Mal’s brushes with death had gained the qualities of a recurring gag she shared with Baba. A joke, if you will. See, she was outside the mistress’ garden to see the germaniums. Or gentians. Or garden flowers. Nobody around her knew what they were called, but she elected to call them berry spines. A violent violet burst contained in a singular stalk. Baba worked here, and every so often, he’d come home with a few flowers tucked into his worker’s brown-stained outfit. The ones in his pocket were so trampled that Mal never got to see them in full bloom.

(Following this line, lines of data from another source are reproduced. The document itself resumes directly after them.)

(* Fix $\theta$ in the interior of $\Theta$ and suppose $\theta'\mapsto\lambda(\theta')$ is differentiable at $\theta$, so that $\nabla_\theta V(\theta;z)$ exists for every $z\in\mathbb{R}^{SA}$. Let $F:\mathbb{R}^{SA}\to\mathbb{R}\cup\{-\infty\}$ be a proper, upper semicontinuous, concave function that is finite and continuously differentiable on an open neighborhood of $\lambda(\theta)$. Then $\theta\mapsto R(\pi_\theta)$ is differentiable at $\theta$ and $$\nabla_\theta R(\pi_\theta)=\lim_{\delta\to0_+}\ \operatorname*{argmax}_{x\in\mathbb{R}^d}\ \inf_{z\in\mathbb{R}^{SA}}\Big\{V(\theta;z)+\delta\,\nabla_\theta V(\theta;z)^\top x-F^*(z)-\tfrac{\delta}{2}\|x\|^2\Big\}.$$
   Context: Finite MDP: finite state space $\mathcal S$ with $S=|\mathcal S|$, finite action space $\mathcal A$ with $A=|\mathcal A|$, transition probabilities $P_a(i,j)$ of moving from state $i$ to state $j$ under action $a$, initial state distribution $\xi$ on $\mathcal S$, discount factor $\gamma\in(0,1)$. A (stationary) policy $\pi$ assigns to each state $s$ a distribution $\pi(\cdot|s)$ on $\mathcal A$. The state-action occupancy measure of $\pi$ is $\lambda^\pi\in\mathbb{R}^{SA}$, $\lambda^\pi_{sa}=\sum_{t=0}^\infty\gamma^t\,\mathbb P(s_t=s,a_t=a\mid \pi, s_0\sim\xi)$, where $a_t\sim\pi(\cdot|s_t)$ and $s_{t+1}\sim P_{a_t}(s_t,\cdot)$. Policies are parametrized as $\pi_\theta$, $\theta\in\Theta\subset\mathbb{R}^d$ with $\Theta$ convex; write $\lambda(\theta):=\lambda^{\pi_\theta}$. For a concave utility $F$, the objective is $R(\pi_\theta):=F(\lambda(\theta))$. For $z\in\mathbb{R}^{SA}$ (viewed as a reward function), $V(\theta;z):=\langle z,\lambda(\theta)\rangle=\mathbb E^{\pi_\theta}[\sum_t\gamma^t z_{s_ta_t}]$ is the cumulative discounted value of $\pi_\theta$ under reward $z$. The (concave) Fenchel dual is $F^*(z):=\inf_\lambda\{\langle\lambda,z\rangle-F(\lambda)\}$. $\|\cdot\|$ is the Euclidean norm. *)

From HB Require Import structures.
From mathcomp Require Import all_boot all_order all_algebra.
From mathcomp Require Import all_classical all_reals all_analysis.
Set Implicit Arguments. Unset Strict Implicit. Unset Printing Implicit Defensive.
Import Order.TTheory GRing.Theory Num.Theory.
Import numFieldNormedType.Exports.
Local Open Scope classical_set_scope.
Local Open Scope ring_scope.

Section MDP.
Variable R : realType.

(* States are 'I_nS, actions are 'I_nA; vectors in R^{SA} are nS x nA
   matrices 'M[R]_(nS, nA); parameters theta live in 'rV[R]_d. *)

Definition is_distr (n : nat) (p : 'rV[R]_n) :=
  (forall i, 0 <= p 0 i) /\ \sum_i p 0 i = 1.

(* P a is the transition matrix under action a: P a i j = P_a(i,j) *)
Definition is_stochastic (n : nat) (M : 'M[R]_n) :=
  forall i, is_distr (row i M).

(* a policy: pol s a = pi(a|s) *)
Definition is_policy (nS nA : nat) (pol : 'M[R]_(nS, nA)) :=
  forall s, is_distr (row s pol).

Definition pol_trans (nS nA : nat) (P : 'I_nA -> 'M[R]_nS)
    (pol : 'M[R]_(nS, nA)) : 'M[R]_nS :=
  \matrix_(i, j) \sum_a pol i a * P a i j.

Definition state_law (nS nA : nat) (P : 'I_nA -> 'M[R]_nS) (xi : 'rV[R]_nS)
    (pol : 'M[R]_(nS, nA)) (t : nat) : 'rV[R]_nS :=
  iter t (fun mu => mu *m pol_trans P pol) xi.

(* state-action occupancy measure:
   lambda_{sa} = sum_t gamma^t P(s_t = s, a_t = a) *)
Definition occupancy (nS nA : nat) (P : 'I_nA -> 'M[R]_nS) (xi : 'rV[R]_nS)
    (gamma : R) (pol : 'M[R]_(nS, nA)) : 'M[R]_(nS, nA) :=
  \matrix_(s, a)
    limn (series (fun t => gamma ^+ t * (state_law P xi pol t 0 s * pol s a))).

Right now, the guard, who usually stood at the bend where the garden fences curved away, had apparated like a Jinn behind her and was holding Mal up by her shirt. He shook her in the air as he’d empty a bee hive. She looked at the horizon beyond the garden, a peach line she could see clearly from her elevated position. Baba was right. Her luck was absolutely terrible.
She’d be soon dragged to the estate manager, and he’d have her hung for trespassing or thievery, whichever got her a more severe sentence. Nobody that worked for a noble was soft or forgiving. She looked at the guard whose lip was twisted in anger.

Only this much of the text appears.